Later still, Rulon, now pretty drunk, but still holding himself stiff and wary, said: “Say Kid, stick around to-morrow, will yeh? Whether your cable comes or not, I’ll buy you all you want to drink. Makes the time pass. I’m fair sick of this hole. And I got three more days to put in, before my ship sails.”

“Sure thing! Anything to oblige a good hundred-per-center!” said Dick. “But why stick around the hotel?”

“Because I choose to,” said Rulon with his hard stare.

“Well, you needn’t jump down my throat,” said Dick. “It’s nothing to me one way or the other.”

Rulon grunted.

“I like to walk around this town,” Dick went on in his giddy fashion. “They have such swell layouts in the store windows. Take that cluttered-up alley they called Bond street. Talk about your diamonds and pearls. I never saw anything in New York like that.”

“What do you know about pearls?” growled Rulon, with a sharp look.

“Not a thing in the world!” said Dick with an innocent air. “But you gotta admit they’re pretty to look at. I’d like right well to hang a string of them ‘round my girl’s neck if I had the price.”

“Yes,” rumbled Rulon, scowling, “there’s hundreds of thousands in pearls displayed in those windows along Bond street, and not a crook in London with nerve enough to heave a brick through the glass. It’s never been done.”

“Well, let’s you and I try it on, just to create a little excitement,” said Dick.

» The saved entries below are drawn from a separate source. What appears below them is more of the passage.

Set Implicit Arguments.
Unset Strict Implicit.
Unset Printing Implicit Defensive.

Import Order.TTheory GRing.Theory Num.Theory.
Local Open Scope classical_set_scope.
Local Open Scope ring_scope.

(* Write W_m := min_i Z^(i)_m.  Following from n the child reached by the
   smallest jump, one enters the nonpositive integers at a point >= -M as soon
   as W_m <= m + M for all m, so |R_n| <= M; conversely, if W_m > m + M then
   every child of m lies below -M and |R_m| > M.  Hence sup_n |R_n| < oo iff
   W_m - m is bounded above.  The W_m are i.i.d. copies of W := min_i Z^(i)
   (product rule for independent coordinates), and sum_m P(W_m > m + M)
   differs from sum_j P(W > j) = E W by a finite amount.  If E W < oo, the
   Borel-Cantelli lemma gives W_m <= m eventually; if E W = oo, for each M the
   independent events {W_m > m + M} have a divergent sum, so almost surely one
   of them occurs. *)

Lemma foldr_minn_mem (x : nat) s : foldr minn x s \in x :: s.
Proof.
elim: s => [|y s IH] /=; first exact: mem_head.
rewrite /minn; case: ifP => _; first by rewrite !inE eqxx orbT.
by move: IH; rewrite !inE => /orP[->|->]; rewrite ?orbT.
Qed.

Lemma foldr_minn_le (x : nat) s y : y \in x :: s -> (foldr minn x s <= y)%N.
Proof.
elim: s y => [|z s IH] y /=; first by rewrite inE => /eqP->.
rewrite !inE geq_min => /or3P[/eqP->|/eqP->|ys]; last 2 first.
- by rewrite leqnn.
- by rewrite IH ?orbT // inE ys orbT.
by rewrite IH ?mem_head ?orbT.
Qed.

Lemma kmin_le k (f : 'I_k -> nat) i : (kmin f <= f i)%N.
Proof. by apply: foldr_minn_le; rewrite inE map_f ?orbT ?mem_enum. Qed.

Lemma kmin_attained k (f : 'I_k -> nat) : (0 < k)%N -> exists i, kmin f = f i.
Proof.
move=> k0; rewrite /kmin; set s := [seq f i | i <- enum 'I_k].
have hs : head 0%N s \in s.
  have : f (Ordinal k0) \in s by rewrite map_f ?mem_enum.
  by case: s => // *; exact: mem_head.
have : foldr minn (head 0%N s) s \in s.
  by have := foldr_minn_mem (head 0%N s) s; rewrite inE => /orP[/eqP->|].
by case/mapP => i _ ->; exists i.
Qed.

Lemma foldr_max_mem (h : int) s : foldr Num.max h s \in h :: s.
Proof.
elim: s => [|y s IH] /=; first exact: mem_head.
case: leP => _; last by rewrite !inE eqxx orbT.
by move: IH; rewrite !inE => /orP[->|->]; rewrite ?orbT.
Qed.

Lemma foldr_max_ge (h : int) s y : y \in h :: s -> y <= foldr Num.max h s.
Proof.
elim: s y => [|z s IH] y /=; first by rewrite inE => /eqP->.
rewrite !inE le_max => /or3P[/eqP->|/eqP->|ys]; last 2 first.
- by rewrite lexx.
- by rewrite IH ?orbT // inE ys orbT.
by rewrite IH ?mem_head ?orbT.
Qed.

Section tree.
Variables (k : nat) (z : 'I_k -> nat -> nat).

Lemma Rmax_ge n x : x \in Lset z n -> x <= Rmax z n.
Proof. by move=> xL; apply: foldr_max_ge; rewrite inE xL orbT. Qed.

Lemma Rmax_mem n : Lset z n != [::] -> Rmax z n \in Lset z n.
Proof.
rewrite /Rmax; case: (Lset z n) => // x s _.
by have := foldr_max_mem x (x :: s); rewrite inE => /orP[/eqP->|]; rewrite ?mem_head.
Qed.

Rulon only growled inarticulately.

“Not but what the phony pearls at a guinea a string look just as good to me!” said Dick flippantly.

“You must be blind,” said Rulon scornfully. “In the fake pearls the shine is only pasted on the outside. In the real ones it comes from the heart of ’em!”

“You seem to know!” said Dick.

“I do know!” said Rulon irascibly. “You asked me what my business was. I’ll tell you. I’m in the jewellery business.”

Dick’s breast tightened up with excitement. “That so?” he said carelessly. He bit his lip to keep from smiling at the picture that rose before his mind’s eye, of the terrible Rulon round-shouldered behind a jeweller’s counter with a watch-repairer’s glass screwed into his eye. More likely his business was done on the other side of the counter, with a gun in his hand. “Where’s your place of business?” asked Dick.

“Don’t need any,” growled Rulon. “I trade on’y on commission. Big orders. Rich man comes to me for a string of pearls and I buy ’em in the market. Sort of broker.”

“That so,” said Dick.

“Want to see something?” said Rulon, glancing cautiously around him. He thrust his hand into the inner breast pocket of his coat, and drew it out with his fingers hooked in a glittering snarl of moon-drops. He cupped the mass of beaming cream globules in his two hands, so that nobody else in the room except Dick could have seen what he held. Dick looked at them with an inward cold shiver. Suppose Rulon repented of his imprudence during the night, and killed him next day just for having seen them. But oh, Heaven! how beautiful they were! A double handful of fairy moons! a myriad little balls of frost heaped in the sinewy brown hands, so delicate and cool, yet glowing too, with a dusky, inward fire.

Rulon was looking down at them with an insane joy. “There’s the real thing!” he rumbled, like a tiger purring. “A hundred thousand dollars, Kid!”

“Oh, for God’s sake put them away!” said Dick. “No wonder you don’t want to walk out in the streets!”